Tarzan the office man

The advance of technology has boosted the popularity of homeworking in the US. The idyllic portrayal of some home offices only tells half the story, says Peter Hall.

I was sitting in my New York doctor’s waiting room the other day, flicking through the magazines, when I came across a piece in Inc magazine about the rise of the home office. One case study showed a tree house office which a small business owner had built for himself for $7000 (4375). It perched like a beach hut atop the branches of a Douglas fir in his garden. I felt almost envious, imagining his primal joy as he said goodbye to his family every morning and, with a tarzanic vociferation, headed for the trees.

Home offices and telecommuting are enjoying a new credibility in US business media. Where once it was not unheard of for domestic entrepreneurs to play a recording of office noises in the background to maintain their credibility for the benefit of telephone callers, now only the gauche stigmatise homeworking. Optimistic surveys estimate that 52 million Americans work at home in some capacity, and even the more cautious Harvard Business Review puts the figure close to 40 million.

A visible turning point came, in 1994, when Jay Chiat, the Art Technology Group and Gaetano Pesce unveiled their “virtual office” for the ad agency Chiat/Day. Chiat had supposedly envisioned the scene during a Zen moment a year before – while standing on a ski slope in Colorado. In place of grey cubicles and heavy doors were team areas and communal spaces in Pesce’s paint- and resin-splashed interior. Employees were given laptops and radio phones and encour-aged to work out of the office. ATG’s networking software system provided the means of virtual communication via e-mail, chat and conferencing.

In the subsequent four years, a new definition of nirvana has emerged among the techno-chic, depicted by fantasy scenarios in which, typically, a key business deal is struck by the CEO while riding across the Sahara desert on the back of a camel, mobile phone and personal digital assistant in hand.

Such romanticisms are not entirely the fruit of free-spirited folk yearning for liberation from the shackles of the office chair. Alternative workplace schemes have been in motion since 1991 at giant US corporations like IBM and AT&T, mostly because they make economic sense. IBM is reporting over $100m (62.5m) in savings a year alone, by fostering non-traditional work practices among its sales and distribution teams and being able to consolidate unused offices and reduce associated overheads.

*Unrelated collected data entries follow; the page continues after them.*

Lemma no_rainbow_triangle_card0 : #|V| = 0.
Proof.
apply/eqP; rewrite -leqn0 leqNgt; apply/negP => /card_gt0P [v _].
have /card_gt0P [y] : 0 < #|nbhd g v|.
  by have := dense v; have := color_degree_le_card_nbhd g c v; lia.
rewrite inE => gvy.
have /card_gt0P [w] : 0 < #|nbhd g v :&: nbhd g y|.
  have := dense v; have := color_degree_le_card_nbhd g c v.
  have := dense y; have := color_degree_le_card_nbhd g c y.
  have := leq_cards_addI (nbhd g v) (nbhd g y); lia.
rewrite !inE => /andP [gvw gyw]; have gwv : g w v by rewrite gsym.
have arc_same_color a b b' : g a b -> g a b' -> g b b' -> c a b = c a b' -> arc a b.
  by move=> gab gab' gbb' cab; rewrite /arc gab (repeated_same_color gab gab') ?(edge_neq girr).
case: (non_rainbow_corner gvy gyw gwv) => [cvy | cyw | cwv].
- by have := no_arc v y; rewrite (arc_same_color _ _ w gvy).
- by have := no_arc y w; rewrite (arc_same_color _ _ v gyw) // gsym.
- by have := no_arc w v; rewrite (arc_same_color _ _ y gwv) // gsym.
Qed.

End NoRainbowTriangle.

Lemma rainbow_triangle_one_sided : 0 < #|V| -> exists x y z, rainbow_triangle g c x y z.
Proof.
move=> V_gt0; case: (boolP [exists x, exists y, exists z, rainbow_triangle g c x y z]).
  by case/existsP=> x /existsP [y /existsP [z xyz]]; exists x, y, z.
move/existsPn=> none; suff V_eq0 : #|V| = 0 by rewrite V_eq0 in V_gt0.
apply: no_rainbow_triangle_card0 => x y z.
by have /existsPn/(_ y)/existsPn/(_ z) := none x.
Qed.

End OneSidedRepetition.

Lemma color_degree_sub (T : finType) (g g' : rel T) (c : T -> T -> nat) v :
  (forall u, g' v u -> g v u) ->
  (forall u, g v u -> exists2 u', g' v u' & c v u' = c v u) ->
  color_degree g' c v = color_degree g c v.
Proof.
move=> sub same; rewrite !color_degreeE; apply/perm_size/uniq_perm; rewrite ?undup_uniq // => a.
rewrite !mem_undup; apply/mapP/mapP => -[u]; rewrite mem_filter mem_enum andbT => guv ->.
  by exists u; rewrite // mem_filter mem_enum andbT sub.
by have [u' g'vu' <-] := same u guv; exists u'; rewrite // mem_filter mem_enum andbT.
Qed.

Definition delete_edge (T : finType) (g : rel T) x y : rel T :=
  fun u v => g u v && ~~ ((u \in [set x; y]) && (v \in [set x; y])).

Section DeleteEdge.
Variables (T : finType) (g : rel T) (c : T -> T -> nat) (x y : T).
Hypotheses (girr : irreflexive g) (gxy : g x y).
Hypotheses (rxy : repeated g c x y) (ryx : repeated g c y x).

Lemma delete_edge_sym : symmetric g -> symmetric (delete_edge g x y).
Proof. by move=> gsym u v; rewrite /delete_edge gsym [(u \in _) && _]andbC. Qed.

Lemma delete_edge_irr : irreflexive (delete_edge g x y).
Proof. by move=> u; rewrite /delete_edge girr. Qed.

Lemma card_delete_edge :
  #|[set p : T * T | delete_edge g x y p.1 p.2]| < #|[set p : T * T | g p.1 p.2]|.
Proof.
apply/proper_card/properP; split.
  by apply/subsetP => p; rewrite !inE => /andP [].
by exists (x, y); rewrite !inE /delete_edge gxy ?set21 ?set22.
Qed.

Lemma color_degree_delete_edge v : color_degree (delete_edge g x y) c v = color_degree g c v.
Proof.
apply: color_degree_sub => [u /andP [] //|u gvu].
case E: ((v \in [set x; y]) && (u \in [set x; y])).
  2: by exists u => //; apply/andP; split; last exact: negbT E.
have escape a b : g a b -> repeated g c a b -> [set a; b] = [set x; y] ->
    exists2 u', delete_edge g x y a u' & c a u' = c a b.
  move=> gab /(repeatedP c gab) [u' [gau' u'b cau']] Eab; exists u' => //.
  have u'a : u' != a by rewrite eq_sym (edge_neq girr gau').
  by rewrite /delete_edge /= -Eab gau' !inE (negbTE u'a) (negbTE u'b) andbF.
move: E gvu; rewrite !inE => /andP [/orP [] /eqP -> /orP [] /eqP ->]; rewrite ?girr //.
- by move=> _; apply: escape.
- by move=> gyx; apply: escape => //; apply/setP => w; rewrite !inE orbC.
Qed.

End DeleteEdge.

Theorem rainbow_triangle_exists (V : finType) (g : rel V) (c : V -> V -> nat) :
  (forall x y, c x y = c y x) -> symmetric g -> irreflexive g -> 0 < #|V| ->
  (forall v, #|V| < 2 * color_degree g c v) -> exists x y z, rainbow_triangle g c x y z.
Proof.
move=> csym; have [n] := ubnP #|[set p : V * V | g p.1 p.2]|.
elim: n g => // n IH g edges_lt gsym girr V_gt0 dense.
case: (boolP [exists x, exists y, [&& g x y, repeated g c x y & repeated g c y x]]); last first.
  move/existsPn=> one_sided; apply: rainbow_triangle_one_sided => // x y gxy rxy.
  by have /existsPn/(_ y) := one_sided x; rewrite gxy rxy.
case/existsP=> x /existsP [y /and3P [gxy rxy ryx]].
have [a [b [d]]] : exists a b d, rainbow_triangle (delete_edge g x y) c a b d.
  apply: IH => //.
  - by rewrite -ltnS; exact: leq_ltn_trans (card_delete_edge gxy) edges_lt.
  - exact: delete_edge_sym.
  - exact: delete_edge_irr.
  - by move=> v; rewrite color_degree_delete_edge.
case/and4P=> /andP [gab _] /andP [gbd _] /andP [gda _] cabd.
by exists a, b, d; apply/and4P.
Qed.

Lemma color_degree_induced (T : finType) (e : rel T) (c : T -> T -> nat) (U : {set T})
    (v : {x | x \in U}) :
  color_degree e c (val v) <=
  color_degree (fun u w : {x | x \in U} => e (val u) (val w))
               (fun u w => c (val u) (val w)) v + #|~: U|.
Proof.
rewrite !color_degreeE.
set colsU := colors (fun u w : {x | x \in U} => e (val u) (val w)) _ v.
have sub : {subset undup (colors e c (val v)) <=
            undup colsU ++ [seq c (val v) u | u <- enum (~: U)]}.
  move=> a; rewrite mem_cat !mem_undup => /mapP [u]; rewrite mem_filter mem_enum andbT.
  move=> evu ->; case: (boolP (u \in U)) => uU.
    by apply/orP; left; apply/mapP; exists (Sub u uU); rewrite // mem_filter mem_enum andbT.
  by apply/orP; right; apply: map_f; rewrite mem_enum inE.
by have := uniq_leq_size (undup_uniq _) sub; rewrite size_cat size_map -cardE.
Qed.

Lemma rainbow_triangle_avoiding (T : finType) (e : rel T) (c : T -> T -> nat) (W : {set T}) :
  simple_graph e -> edge_coloring c -> 0 < #|T| ->
  (forall v, #|T| + #|W| < 2 * color_degree e c v) ->
  exists x y z, [/\ x \notin W, y \notin W, z \notin W & rainbow_triangle e c x y z].
Proof.
move=> [esym eirr] csym /card_gt0P [v0 _] dense.
have card_U : #|{: {x | x \in ~: W}}| = #|T| - #|W|.
  by rewrite card_sig -(cardsC W) addKn.
have W_lt : #|W| < #|T|.
  by have := dense v0; have := color_degree_le_card_nbhd e c v0; have := max_card (nbhd e v0); lia.
have [a [b [d xyz]]] : exists a b d : {x | x \in ~: W},
    rainbow_triangle (fun u w => e (val u) (val w)) (fun u w => c (val u) (val w)) a b d.
  apply: rainbow_triangle_exists => [u w | u w | u | | v].
  - exact: csym.
  - exact: esym.
  - exact: eirr.
  - by rewrite card_U subn_gt0.
  - have : #|T| - #|W| < 2 * (color_degree e c (val v) - #|W|).
      by have := dense (val v); lia.
    rewrite card_U => /leq_trans; apply; rewrite leq_mul2l leq_subLR addnC; apply/orP; right.
    by have := color_degree_induced e c v; rewrite setCK.
by exists (val a), (val b), (val d); split; rewrite // -in_setC; apply: valP.
Qed.

Lemma rainbow_triangle_cycle (T : finType) (e : rel T) (c : T -> T -> nat) x y z :
  irreflexive e -> rainbow_triangle e c x y z -> rainbow_cycle e c [:: x; y; z].
Proof.
move=> eirr /and4P [exy eyz ezx col].
rewrite /rainbow_cycle /is_graph_cycle /cycle_colors /= exy eyz ezx; move: col => /= ->.
by rewrite !inE negb_or (edge_neq eirr exy) (edge_neq eirr eyz) (eq_sym x z) (edge_neq eirr ezx).
Qed.

Lemma disjoint_rainbow_triangles (T : finType) (e : rel T) (c : T -> T -> nat) k :
  simple_graph e -> edge_coloring c -> 0 < #|T| ->
  (forall v, #|T| + 3 * k <= 2 * color_degree e c v) ->
  exists cs : seq (seq T),
    [/\ size cs = k, {in cs, forall s, rainbow_cycle e c s} & uniq (flatten cs)].
Proof.
move=> ge ce T_gt0.
suff: (forall v, #|T| + 3 * k <= 2 * color_degree e c v) ->
  exists cs : seq (seq T), [/\ size cs = k, size (flatten cs) = 3 * k,
    {in cs, forall s, rainbow_cycle e c s} & uniq (flatten cs)].
  by move=> strong /strong [cs [? _ ? ?]]; exists cs.
elim: k => [|k IH] dense; first by exists [::].
have /IH [cs [size_cs size_flat rb uniq_cs]] : forall v, #|T| + 3 * k <= 2 * color_degree e c v.
  by move=> v; have := dense v; lia.
set W := [set x in flatten cs].
have card_W : #|W| <= 3 * k by rewrite cardsE -size_flat card_size.
have [x [y [z [xW yW zW xyz]]]] : exists x y z,
    [/\ x \notin W, y \notin W, z \notin W & rainbow_triangle e c x y z].
  by apply: rainbow_triangle_avoiding => // v; have := dense v; lia.
have /andP [/and3P [_ uniq_xyz _] _] := rainbow_triangle_cycle ge.2 xyz.
exists ([:: x; y; z] :: cs); split.
- by rewrite /= size_cs.
- by rewrite /= size_flat mulnS.
- by move=> s; rewrite inE => /predU1P [->|/rb //]; apply: rainbow_triangle_cycle ge.2 xyz.
- have -> : flatten ([:: x; y; z] :: cs) = [:: x; y; z] ++ flatten cs by [].
  rewrite cat_uniq uniq_xyz uniq_cs andbT /=; apply/hasPn => u u_cs.
  have uW : u \in W by rewrite inE.
  apply/negP; rewrite !inE => /or3P [] /eqP eu.
  + by move: xW; rewrite -eu uW.
  + by move: yW; rewrite -eu uW.
  + by move: zW; rewrite -eu uW.
Qed.

Lemma uniq_flatten_disjoint (T : finType) (ss : seq (seq T)) i j :
  uniq (flatten ss) -> i != j -> [disjoint nth [::] ss i & nth [::] ss j].
Proof.
elim: ss i j => [|s ss IH] i j; first by rewrite !nth_nil disjoint0.
rewrite /= cat_uniq => /and3P [_ s_ss uniq_ss].
have sub k : nth [::] ss k \subset flatten ss.
  apply/subsetP => u u_k; case: (ltnP k (size ss)) => [k_lt|k_ge].
    by apply/flattenP; exists (nth [::] ss k); rewrite ?mem_nth.
  by rewrite nth_default in u_k.
have disj : [disjoint s & flatten ss] by rewrite disjoint_sym disjoint_has.
case: i j => [|i] [|j] //= ij.
- exact: disjointWr (sub j) disj.
- by rewrite disjoint_sym; apply: disjointWr (sub i) disj.
- exact: IH.
Qed.

Theorem corollary1 (k : nat) (T : finType) (e : rel T) (c : T -> T -> nat) :
  0 < k ->
  simple_graph e ->
  edge_coloring c ->
  0 < #|T| ->
  (* delta^c(G) >= n/2 + 64k + 1, cleared of the fraction *)
  (forall v : T, #|T| + 128 * k + 2 <= 2 * color_degree e c v) ->
  exists C : 'I_k -> seq T,
    (forall i, rainbow_cycle e c (C i)) /\
    (forall i j, i != j -> [disjoint C i & C j]).
Proof.
move=> _ ge ce T_gt0 dense.
have [cs [size_cs rb uniq_cs]] : exists cs : seq (seq T),
    [/\ size cs = k, {in cs, forall s, rainbow_cycle e c s} & uniq (flatten cs)].
  by apply: disjoint_rainbow_triangles => // v; have := dense v; lia.
exists (nth [::] cs); split => [i | i j ij].
  by apply: rb; rewrite mem_nth // size_cs.
exact: uniq_flatten_disjoint.
Qed.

Employees are now increasingly working at home, in satellite offices close to home, or in “hotel” workspaces, where they reserve a spot in advance, wheel up their mobile cubby and a computer system forwards e-mail and phone calls to their communications port. The benefits for the corporation become quickly visible. Travel costs and travel time are reduced. Displaced from the habits, stress and bureaucracies of the permanent office, the employee becomes a more efficient, independent and motivated worker, and stays with the company longer.

The real world, of course, isn’t quite like that. I have been “telecommuting” in New York for six years and know the side effects. New York apartments being the diminutive size they are, the home office wages a constant war with the living room for space, which creates an interior design organising scheme reminiscent of the D-Day landing scenes of Saving Private Ryan.

A fast connection to the Internet and unlimited air conditioning are prohibited by cost, which decreases productivity and increases the desire to go sit in a local air-conditioned café or take a nap on the couch.

Most importantly, perhaps, the home office can seem a solitary place where chance conversations – the kind that inspire and inform – are only likely to happen on the phone or with the phone repair man.

A better case can be made, I think, for a flexible, shared workspace, where telecommuters could mingle, creating a more fertile, dynamic environment. Besides that, it is more likely that a design professional would be brought in to specify furniture and configure the space of a purpose-designed shared environment. Looking at the pictures of the homeworkers in Inc magazine, I realised that idyllic as their tree-bound, feng shui-inspired arrangements might at first seem, on closer inspection they were models of bad office ergonomics, begging to inflict pain on their inhabitants over time.

And, when I saw the reproduction antique wooden chair with its curving, intrusive arms pulled up in front of a computer monitor, I winced. Having suffered back pain from prolonged use of a vintage wooden office chair, I feared a forthcoming epidemic of tree office lumbago.